Social media’s made a lot of “normal” things weird. Death being a big one of them. This past Sunday, CBS Sunday Morning did a feature on what happens to your social media accounts when you die. Basically the answer is: it depends. If you have clearly spelled out wishes in your will and have told your family: whatever you wanted to happen to them will happen…BUT some states have laws that will give your family access to things even if you don’t want it. There are also companies out there now that will continue to post to your social media accounts after your death if you contract with them. Yeah, it’s weird and complicated.
But that’s not the only way death and social media are crazily confused.
Earlier this year, I lost a friend who died in childbirth along with her son. I was told via text message from a friend who told me not all the family knew yet, so please do not post to facebook, instagram, twitter what have you. However, not everyone who found out about her passing was advised. So her facebook wall blew up with condolences while some family sat in shock and other family members began publicly begging people to take down posts and even dispute them.

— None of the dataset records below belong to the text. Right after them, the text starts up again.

(* The values of $h$ satisfy $(h(1),h(2),\dots,h(8))=(0,1,1,1,2,2,1,1)$, and for every integer $n>8$: $h(n)=h(n/2)$ if $n\equiv0\pmod 4$; $h(n)=h(n/2)+1$ if $n\equiv 2\pmod 4$; $h(n)=h((n+1)/2)$ if $n\equiv1\pmod 8$; $h(n)=h((n-1)/2)+1$ if $n\equiv 3\pmod 8$; $h(n)=h((n+1)/2)+1$ if $n\equiv5\pmod 8$; $h(n)=h((n-1)/2)$ if $n\equiv 7\pmod 8$.
   Context: For $k\ge0$ and $0\le m<2^k$ let $\beta_k(m)\in\{0,1\}^k$ be the point whose $j$-th coordinate is the binary digit of $m$ of weight $2^{k-j}$. For $n\ge2$ with $k=\lceil\log_2 n\rceil$, a pair $(n_0,n_1)$ of integers with $n=n_0+n_1$, $n_0\ge n_1\ge1$ is a hypercubic bipartition (HCBP) of $n$ if for some $i\in\{1,\dots,k\}$ the hyperplane $x_i=1/2$ splits the points $\beta_k(0),\dots,\beta_k(n-1)$ into $n_0$ points on one side and $n_1$ on the other. For $n\ge2$, $h(n)$ is the number of HCBPs of $n$, and $h(1)=0$. *)

From mathcomp Require Import all_boot.
Set Implicit Arguments. Unset Strict Implicit. Unset Printing Implicit Defensive.

(* k = ceil(log2 n): up_log 2 n is the smallest e with n <= 2^e. *)
Definition klog (n : nat) : nat := up_log 2 n.

(* j-th coordinate (1 <= j <= k) of beta_k(m): binary digit of m of weight 2^(k-j). *)
Definition beta_coord (k m j : nat) : bool := odd (m %/ 2 ^ (k - j)).

Definition side0 (n j : nat) : nat :=
  count (fun m => ~~ beta_coord (klog n) m j) (iota 0 n).
Definition side1 (n j : nat) : nat :=
  count (fun m => beta_coord (klog n) m j) (iota 0 n).

Definition is_hcbp (n n0 n1 : nat) : bool :=
  [&& 2 <= n, n0 + n1 == n, n1 <= n0, 1 <= n1 &
   [exists j : 'I_(klog n),
      ((side0 n j.+1 == n0) && (side1 n j.+1 == n1))
   || ((side0 n j.+1 == n1) && (side1 n j.+1 == n0))]].

Definition h (n : nat) : nat :=
  if n < 2 then 0
  else #|[set p : 'I_n.+1 * 'I_n.+1 | is_hcbp n p.1 p.2]|.

From mathcomp Require Import all_boot zify.
Set Implicit Arguments. Unset Strict Implicit. Unset Printing Implicit Defensive.

(* For the coordinate of weight 2^b, the sizes of the two sides of the
   hyperplane differ by the distance from n to the nearest multiple of
   2^(b+1).  A bipartition is determined by this difference, so h(n) is the
   number of distinct such distances for b < k.  They are nondecreasing in b,
   and the distance to 2^(f+2)Z exceeds the one to 2^(f+1)Z exactly when it
   exceeds 2^f; so h(n) is the number of f for which n is more than 2^f away
   from 2^(f+2)Z.  Doubling n doubles all distances, and the distances of 2q+1
   are the sums of those of q and q+1, which yields the recurrences. *)

Definition mdist (n M : nat) : nat := minn (n %% M) (M - n %% M).

Lemma mdist_le n M : mdist n M <= n.
Proof. exact: leq_trans (geq_minl _ _) (leq_mod _ _). Qed.

Lemma mdist_le_half n M : (mdist n M).*2 <= M.
Proof.
rewrite /mdist; case: (posnP M) => [->|M_gt0]; first by rewrite modn0; lia.
have := ltn_pmod n M_gt0; lia.
Qed.

Lemma odd_mdist n P : 0 < P -> odd (mdist n P.*2) = odd n.
Proof.
move=> P_gt0; have : n %% P.*2 < P.*2 by rewrite ltn_pmod ?double_gt0.
by rewrite /mdist -(odd_mod n (odd_double P)); lia.
Qed.

Lemma modnS_cases q M : 0 < M ->
  (q.+1 %% M = (q %% M).+1 /\ (q %% M).+1 < M) \/ (q.+1 %% M = 0 /\ (q %% M).+1 = M).
Proof.
move=> M_gt0; have lt_qM := ltn_pmod q M_gt0.
have e : q.+1 %% M = (q %% M).+1 %% M by rewrite -addn1 -modnDml addn1.
case: (ltngtP (q %% M).+1 M) => h; [left | lia | right].
- by rewrite e modn_small.
- by rewrite e h modnn.
Qed.

Lemma mdistS q M : 0 < M ->
  mdist q M <= (mdist q.+1 M).+1 /\ mdist q.+1 M <= (mdist q M).+1.
Proof. by move=> M_gt0; rewrite /mdist; case: (modnS_cases q M_gt0) => -[-> ?]; lia. Qed.

Lemma modn_double q M : 0 < M -> q.*2 %% M.*2 = (q %% M).*2.
Proof.
move=> M_gt0; rewrite {1}(divn_eq q M) doubleD -!mul2n mulnCA modnMDl modn_small //.
by rewrite !mul2n ltn_double ltn_pmod.
Qed.

Lemma mdist_double q M : 0 < M -> mdist q.*2 M.*2 = (mdist q M).*2.
Proof. by move=> M_gt0; rewrite /mdist modn_double //; lia. Qed.

Lemma mdist_double_succ q P : 0 < P ->
  mdist q.*2.+1 P.*2.*2 = mdist q P.*2 + mdist q.+1 P.*2.
Proof.
move=> P_gt0; have M_gt0 : 0 < P.*2 by rewrite double_gt0.
have lt_qM := ltn_pmod q M_gt0.
have e : q.*2.+1 %% P.*2.*2 = (q %% P.*2).*2.+1.
  by rewrite -addn1 -modnDml modn_double // addn1 modn_small //; lia.
by rewrite /mdist e; case: (modnS_cases q M_gt0) => -[-> ?]; lia.
Qed.

Lemma mdist_step n P : 0 < P ->
  mdist n P.*2 <= mdist n P.*2.*2 /\
  (mdist n P.*2 < mdist n P.*2.*2) = (P < mdist n P.*2.*2).
Proof.
move=> P_gt0; have lt_n4P : n %% P.*2.*2 < P.*2.*2 by rewrite ltn_pmod ?double_gt0.
rewrite /mdist; have -> : n %% P.*2 = n %% P.*2.*2 %% P.*2.
  by rewrite modn_dvdm // -[X in _ %| X]mul2n dvdn_mull.
move: (n %% P.*2.*2) lt_n4P => r lt_r4P.
case: (ltnP r P.*2) => [lt_r2P | le_2Pr].
  by rewrite modn_small //; split; [|apply/idP/idP]; lia.
rewrite -(subnKC le_2Pr) modnDl modn_small; first split; [|apply/idP/idP|]; lia.
Qed.

Lemma expn2S e : 2 ^ e.+1 = (2 ^ e).*2.
Proof. by rewrite expnS mul2n. Qed.

Lemma odd_divn n P : 0 < P -> odd (n %/ P) = (P <= n %% P.*2).
Proof.
move=> P_gt0; have lt_n2P : n %% P.*2 < P.*2 by rewrite ltn_pmod ?double_gt0.
have e : n = (n %/ P.*2).*2 * P + n %% P.*2.
  by rewrite {1}(divn_eq n P.*2) -!mul2n mulnCA mulnA.
rewrite {1}e divnMDl // oddD odd_double /=.
case: (ltnP (n %% P.*2) P) => [lt_rP | le_Pr]; first by rewrite divn_small.
by rewrite -(subnKC le_Pr) divnDl // divnn P_gt0 divn_small //; lia.
Qed.

Lemma count_odd_divn n P : 0 < P ->
  count (fun m => odd (m %/ P)) (iota 0 n) = n %/ P.*2 * P + (n %% P.*2 - P).
Proof.
move=> P_gt0; have P2_gt0 : 0 < P.*2 by rewrite double_gt0.
elim: n => [|n IHn]; first by rewrite div0n mod0n.
rewrite -addn1 iotaD count_cat IHn /= addn0 odd_divn // addn1.
have := ltn_pmod n P2_gt0; have := divn_eq n P.*2; have := divn_eq n.+1 P.*2.
rewrite divnS // modnS; case: (P.*2 %| n.+1) => /=; lia.
Qed.

Lemma side0_add_side1 n j : side0 n j + side1 n j = n.
Proof. by rewrite /side0 /side1 addnC count_predC size_iota. Qed.

Lemma side_gap n j :
  maxn (side0 n j) (side1 n j) - minn (side0 n j) (side1 n j) =
  mdist n (2 ^ (klog n - j).+1).
Proof.
have := side0_add_side1 n j.
rewrite [side1 n j]/side1 /beta_coord count_odd_divn ?expn_gt0 // expn2S /mdist.
have : n %% (2 ^ (klog n - j)).*2 < (2 ^ (klog n - j)).*2.
  by rewrite ltn_pmod ?double_gt0 ?expn_gt0.
have := divn_eq n (2 ^ (klog n - j)).*2; rewrite -doubleMr.
move: (2 ^ (klog n - j)) (side0 n j) => P s0.
move: (n %/ P.*2 * P) (n %% P.*2) => Q r; lia.
Qed.

Definition gaps (n : nat) : seq nat := [seq mdist n (2 ^ b.+1) | b <- iota 0 (klog n)].

Lemma klog_bounds n : 1 < n -> 2 ^ (klog n).-1 < n <= 2 ^ klog n /\ 0 < klog n.
Proof.
by move=> n_gt1; rewrite /klog up_log_gt0 n_gt1; split; first exact: up_log_bounds.
Qed.

Lemma gap_lt n b : 1 < n -> b < klog n -> mdist n (2 ^ b.+1) < n.
Proof.
move=> n_gt1 lt_bk; have [/andP[lt_n _] _] := klog_bounds n_gt1.
have := mdist_le_half n (2 ^ b.+1); rewrite expn2S leq_double => le_gap.
by rewrite (leq_ltn_trans le_gap) // (leq_ltn_trans _ lt_n) // leq_exp2l //; lia.
Qed.

Lemma mem_gaps n v : 1 < n -> v \in gaps n -> v < n /\ odd v = odd n.
Proof.
move=> n_gt1 /mapP[b]; rewrite mem_iota => /andP[_ lt_bk] ->.
by rewrite gap_lt // expn2S odd_mdist ?expn_gt0.
Qed.

Lemma is_hcbpE n a c : 1 < n ->
  is_hcbp n a c = [&& a + c == n, c <= a & a - c \in gaps n].
Proof.
move=> n_gt1; rewrite /is_hcbp n_gt1 /=.
case: eqP => //= ac_n; case: (boolP (c <= a)) => //= le_ca.
apply/idP/idP.
- case/andP=> _ /existsP [j side_j]; apply/mapP; exists (klog n - j.+1).
    by rewrite mem_iota /=; have := ltn_ord j; lia.
  rewrite -side_gap; have := side0_add_side1 n j.+1.
  by case/orP: side_j => /andP[/eqP-> /eqP->]; lia.
- case/mapP=> b; rewrite mem_iota /= => lt_bk gap_b.
  have lt_jk : klog n - b.+1 < klog n by lia.
  have := gap_lt n_gt1 lt_bk; rewrite -gap_b => lt_gap.
  apply/andP; split; first by lia.
  apply/existsP; exists (Ordinal lt_jk).
  have := side_gap n (klog n - b.+1).+1; have := side0_add_side1 n (klog n - b.+1).+1.
  have -> : klog n - (klog n - b.+1).+1 = b by lia.
  by rewrite /= -gap_b; case: leqP; lia.
Qed.

Lemma card_ord_mem N (s : seq nat) : all (fun v => v < N) s ->
  #|[set x : 'I_N | val x \in s]| = size (undup s).
Proof.
move=> /allP lt_sN; rewrite cardE -(size_map val); apply/perm_size/uniq_perm.
- by rewrite (map_inj_uniq val_inj) enum_uniq.
- exact: undup_uniq.
move=> v; rewrite mem_undup; apply/mapP/idP => [[x] | s_v].
  by rewrite mem_enum inE => ? ->.
by exists (Ordinal (lt_sN v s_v)); rewrite ?mem_enum ?inE.
Qed.

Lemma h_gaps n : 1 < n -> h n = size (undup (gaps n)).
Proof.
move=> n_gt1; rewrite /h ltnNge n_gt1 /=.
set A := [set p | _]; pose gap (p : 'I_n.+1 * 'I_n.+1) : 'I_n.+1 := inord (p.1 - p.2).
have A_E p : (p \in A) = [&& p.1 + p.2 == n, p.2 <= p.1 & p.1 - p.2 \in gaps n].
  by rewrite inE is_hcbpE.
rewrite -(card_in_imset (f := gap)); last first.
  move=> [a c] [a' c'] /[!A_E] /= /and3P[/eqP ac_n le_ca _] /and3P[/eqP ac_n' le_ca' _].
  move/(congr1 (@nat_of_ord _)); rewrite /gap /= !inordK; try lia.
  by move=> e; congr (_, _); apply: val_inj => /=; lia.
rewrite -(card_ord_mem (N := n.+1)); last by apply/allP => v /(mem_gaps n_gt1) [? _]; lia.
apply: eq_card => x; rewrite [RHS]inE; apply/imsetP/idP.
- case=> -[a c] /[!A_E] /= /and3P[/eqP ac_n le_ca gap_ac] ->.
  by rewrite /gap inordK //=; lia.
- move=> gap_x; have [lt_xn odd_x] : x < n /\ odd x = odd n := mem_gaps n_gt1 gap_x.
  have half_lt : (n - x)./2 < n.+1 by lia.
  have sum_lt : x + (n - x)./2 < n.+1 by lia.
  exists (Ordinal sum_lt, Ordinal half_lt).
    by rewrite A_E /= addnK gap_x andbT; lia.
  by apply: ord_inj; rewrite /gap /= inordK addnK.
Qed.

Definition jump (n f : nat) : bool := 2 ^ f < mdist n (2 ^ f.+2).

Definition jumps (n : nat) : nat := count (jump n) (iota 0 n).

Lemma jump_step n f :
  mdist n (2 ^ f.+1) <= mdist n (2 ^ f.+2) /\
  (mdist n (2 ^ f.+1) < mdist n (2 ^ f.+2)) = jump n f.
Proof. by rewrite /jump !expn2S; apply: mdist_step; rewrite expn_gt0. Qed.

Lemma size_undup_nondecreasing (f : nat -> nat) m K : (forall i, f i <= f i.+1) ->
  size (undup [seq f i | i <- iota m K.+1]) =
  (count (fun i => f i < f i.+1) (iota m K)).+1.
Proof.
move=> f_homo; have f_mono := homo_leq leqnn leq_trans f_homo.
elim: K m => [|K IHK] m //.
rewrite -[iota m K.+2]/(m :: iota m.+1 K.+1) -[iota m K.+1]/(m :: iota m.+1 K).
rewrite map_cons [count _ _]/= -addnS -IHK -[undup _]/(if _ then _ else _).
have [lt_f | le_f] := ltnP (f m) (f m.+1).
  suff /negbTE-> : f m \notin [seq f i | i <- iota m.+1 K.+1] by [].
  apply/mapP => -[i]; rewrite mem_iota => /andP[lt_mi _] f_eq.
  by have := f_mono _ _ lt_mi; rewrite -f_eq leqNgt lt_f.
suff -> : f m \in [seq f i | i <- iota m.+1 K.+1] by [].
apply/mapP; exists m.+1; first by rewrite mem_iota; lia.
by apply/eqP; rewrite eqn_leq le_f f_homo.
Qed.

Lemma klog_le n : klog n <= n.
Proof. by apply: up_log_min => //; apply: ltnW; apply: ltn_expl. Qed.

Lemma jump_klog n f : klog n <= f -> jump n f = false.
Proof.
move=> le_kf; apply/negbTE; rewrite -leqNgt (leq_trans (mdist_le _ _)) //.
by rewrite (leq_trans (@up_logP 2 n isT)) // leq_exp2l.
Qed.

Lemma jumps_ext n K : klog n <= K -> count (jump n) (iota 0 K) = jumps n.
Proof.
suff count_klog K' :
    klog n <= K' -> count (jump n) (iota 0 K') = count (jump n) (iota 0 (klog n)).
  by move=> le_kK; rewrite /jumps (count_klog _ le_kK) (count_klog _ (klog_le n)).
move=> le_kK'; rewrite -(subnKC le_kK') iotaD count_cat.
rewrite (eq_in_count (a2 := pred0) (s := iota (0 + klog n) _)) ?count_pred0 ?addn0 //.
move=> f; rewrite mem_iota => /andP[le_kf _].
by rewrite jump_klog.
Qed.

Lemma size_undup_gaps n : 1 < n -> size (undup (gaps n)) = jumps n.
Proof.
move=> n_gt1; have [/andP[lt_n le_n] k_gt0] := klog_bounds n_gt1.
rewrite -(jumps_ext (leqnn _)) /gaps.
move: k_gt0 lt_n le_n; case: (klog n) => [|k] // _ lt_n le_n.
rewrite (size_undup_nondecreasing (f := fun b => mdist n (2 ^ b.+1))); last first.
  by move=> b; case: (jump_step n b).
rewrite (eq_count (a2 := jump n)); last by move=> b; case: (jump_step n b).
(* The jump at f = klog n - 1, where the distance reaches n itself, supplies the .+1. *)
rewrite -(addn1 k) iotaD count_cat /= add0n addn0 -addn1; congr (_ + _).
rewrite /jump /mdist modn_small; last by rewrite (leq_ltn_trans le_n) // ltn_exp2l.
by move: lt_n le_n; rewrite /= !expnS; lia.
Qed.

Lemma h_jumps n : 1 < n -> h n = jumps n.
Proof. by move=> n_gt1; rewrite h_gaps // size_undup_gaps. Qed.

Lemma jump0 n : jump n 0 = (n %% 4 == 2).
Proof. by rewrite /jump /mdist; apply/idP/idP; lia. Qed.

Lemma jump1 n : jump n 1 = (2 < n %% 8 < 6).
Proof. by rewrite /jump /mdist; apply/idP/idP; lia. Qed.

Lemma jump_double q f : jump q.*2 f.+1 = jump q f.
Proof. by rewrite /jump (expn2S f.+2) mdist_double ?expn_gt0 // expn2S ltn_double. Qed.

Lemma jump_double_succ q p f : odd p -> (p = q \/ p = q.+1) ->
  jump q.*2.+1 f.+2 = jump p f.+1.
Proof.
move=> odd_p p_q; have P4_gt0 : 0 < (2 ^ f).*2.*2 by rewrite !double_gt0 expn_gt0.
have P8_gt0 : 0 < (2 ^ f).*2.*2.*2 by rewrite double_gt0.
rewrite /jump (expn2S f.+3) (expn2S f.+2) mdist_double_succ ?expn_gt0 // !expn2S.
have := mdistS q P8_gt0; have := odd_mdist p P4_gt0; rewrite odd_p.
move: (2 ^ f) P4_gt0 => P P4_gt0.
by case: p_q => -> odd_a [? ?]; apply/idP/idP; lia.
Qed.

Lemma count_iota0S (a : pred nat) K :
  count a (iota 0 K.+1) = a 0 + count (fun f => a f.+1) (iota 0 K).
Proof. by rewrite /= -[1]addn0 iotaDl count_map. Qed.

Lemma jumps_double q : 0 < q -> jumps q.*2 = odd q + jumps q.
Proof.
move=> q_gt0; rewrite [jumps _]/jumps.
have -> : iota 0 q.*2 = iota 0 q.*2.-1.+1 by rewrite prednK ?double_gt0.
rewrite count_iota0S (eq_count (jump_double q)) jumps_ext; last by have := klog_le q; lia.
by rewrite jump0; congr (nat_of_bool _ + _); apply/eqP/idP; lia.
Qed.

Lemma jumps_double_succ q p : 0 < q -> odd p -> (p = q \/ p = q.+1) ->
  jumps q.*2.+1 = jump q.*2.+1 1 + jumps p.
Proof.
move=> q_gt0 odd_p p_q; rewrite [jumps q.*2.+1]/jumps.
have -> : iota 0 q.*2.+1 = iota 0 q.*2.-1.+2 by rewrite prednK ?double_gt0.
rewrite !count_iota0S jump0 (eq_count (fun f => jump_double_succ f odd_p p_q)).
rewrite -(jumps_ext (K := q.*2.-1.+1)); last by have := klog_le p; lia.
rewrite count_iota0S jump0.
have [-> ->] : (q.*2.+1 %% 4 == 2) = false /\ (p %% 4 == 2) = false by split; lia.
by rewrite add0n.
Qed.

Theorem corollary21 :
  (h 1 = 0 /\ h 2 = 1 /\ h 3 = 1 /\ h 4 = 1 /\ h 5 = 2 /\ h 6 = 2 /\
   h 7 = 1 /\ h 8 = 1) /\
  (forall n : nat, 8 < n ->
     (n %% 4 = 0 -> h n = h (n %/ 2)) /\
     (n %% 4 = 2 -> h n = (h (n %/ 2)).+1) /\
     (n %% 8 = 1 -> h n = h ((n + 1) %/ 2)) /\
     (n %% 8 = 3 -> h n = (h ((n - 1) %/ 2)).+1) /\
     (n %% 8 = 5 -> h n = (h ((n + 1) %/ 2)).+1) /\
     (n %% 8 = 7 -> h n = h ((n - 1) %/ 2))).
Proof.
split; first by rewrite [h 1]/h !h_jumps.
move=> n lt_8n; set q := n %/ 2.
have q_gt1 : 1 < q by lia.
have [n_even | n_odd] : n = q.*2 \/ n = q.*2.+1 by lia.
- have even_step : h n = odd q + h q.
    by rewrite !h_jumps ?n_even ?jumps_double //; lia.
  by rewrite even_step; repeat split; lia.
have odd_step p : odd p -> (p = q \/ p = q.+1) -> h n = (2 < n %% 8 < 6) + h p.
  move=> odd_p p_q.
  by rewrite !h_jumps ?n_odd ?(jumps_double_succ _ odd_p p_q) ?jump1 //; lia.
do 2 (split; first lia).
split; [|split; [|split]] => n_mod.
- by rewrite (odd_step ((n + 1) %/ 2)); lia.
- by rewrite (odd_step ((n - 1) %/ 2)); lia.
- by rewrite (odd_step ((n + 1) %/ 2)); lia.
- by rewrite (odd_step ((n - 1) %/ 2)); lia.
Qed.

The people who posted their thoughts and prayers were not bad people and really didn’t do a bad thing. How were most of them supposed to know not all the family had been contacted? If it hadn’t been for the fact that she lived far from family so her husband reached out to local friends who were trying to shore up support for a man who’d lost his wife and son in a matter of hours, perhaps a tighter lid could have been put on it? But then again, maybe not. Her co-workers knew she had been rushed to the hospital and it’s hard not to be afraid and want to talk to each other.Even if she hadn’t taken part in social media, potentially it would have been the way some of her family had found out as there are still text messages, telephones, etc to spread the word.

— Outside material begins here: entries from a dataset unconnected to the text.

(* Let $V$ be a quasi-regular mixed lattice vector space and let $\mathcal{R}(V)$ be the set of all regular quasi-ideals of $V$, ordered by inclusion. Then $\mathcal{R}(V)$ is a distributive lattice in which $A\vee B=A+B$ and $A\wedge B=A\cap B$. Moreover, $\mathcal{R}(V)$ has smallest element $\{0\}$ and largest element $V_{sp}-V_{sp}$.
   Context: A mixed lattice vector space is a real vector space $V$ with two partial orderings $\le$ (initial) and $\preceq$ (specific), each compatible with the vector space structure, such that for all $x,y$ the mixed lower envelope $x\curlywedge y=\max\{w: w\preceq x,\ w\le y\}$ and mixed upper envelope $x\curlyvee y=\min\{w: x\preceq w,\ y\le w\}$ exist (max/min with respect to $\le$). $V_{sp}=\{x:0\preceq x\}$, $E_{sp}=E\cap V_{sp}$. $V$ is quasi-regular if $V_{sp}$ is closed under $\curlywedge,\curlyvee$. A mixed lattice subspace is a linear subspace closed under $\curlywedge,\curlyvee$. A subspace $S$ is regular if $S=S_{sp}-S_{sp}$. A quasi-ideal is a mixed lattice subspace $A$ such that $y\in A$ and $0\preceq x\le y$ imply $x\in A$. *)

From HB Require Import structures.
From mathcomp Require Import all_boot all_order all_algebra.
From mathcomp Require Import reals.
Set Implicit Arguments. Unset Strict Implicit. Unset Printing Implicit Defensive.
Import Order.TTheory GRing.Theory Num.Theory.
Local Open Scope ring_scope.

Just this week, I was told that the father of a dear friend had passed. I went and looked at the man’s daughter’s facebook wall. Her messages were ambiguous. She said he had been moved from the hospital to hospice as per his wishes. She also mentioned that they were going to “say goodbye” to him. She thanked one of her brothers and his wife for their love and support “through all of this.” Finally in a comment on a post, I saw where she said he had slipped into a coma. But no updates for 8 hours after that comment. Messages to my friend and his sister’s page, not to mention his dad’s began to flood in with condolences and memories. Finally after almost nine hours of no updates, the sister posted her dad had in fact NOT died but was still in the coma. Death is imminent. This is a man in hospice in his 90s who is very, very sick and weak. I see nothing wrong with the people who offer prayers and share memories. Despite posts that he is fighting, his death more likely to come sooner rather than later. In my sadness, I dedicated my own posts to him but never mentioned death or RIP because I wasn’t positive one way or the other.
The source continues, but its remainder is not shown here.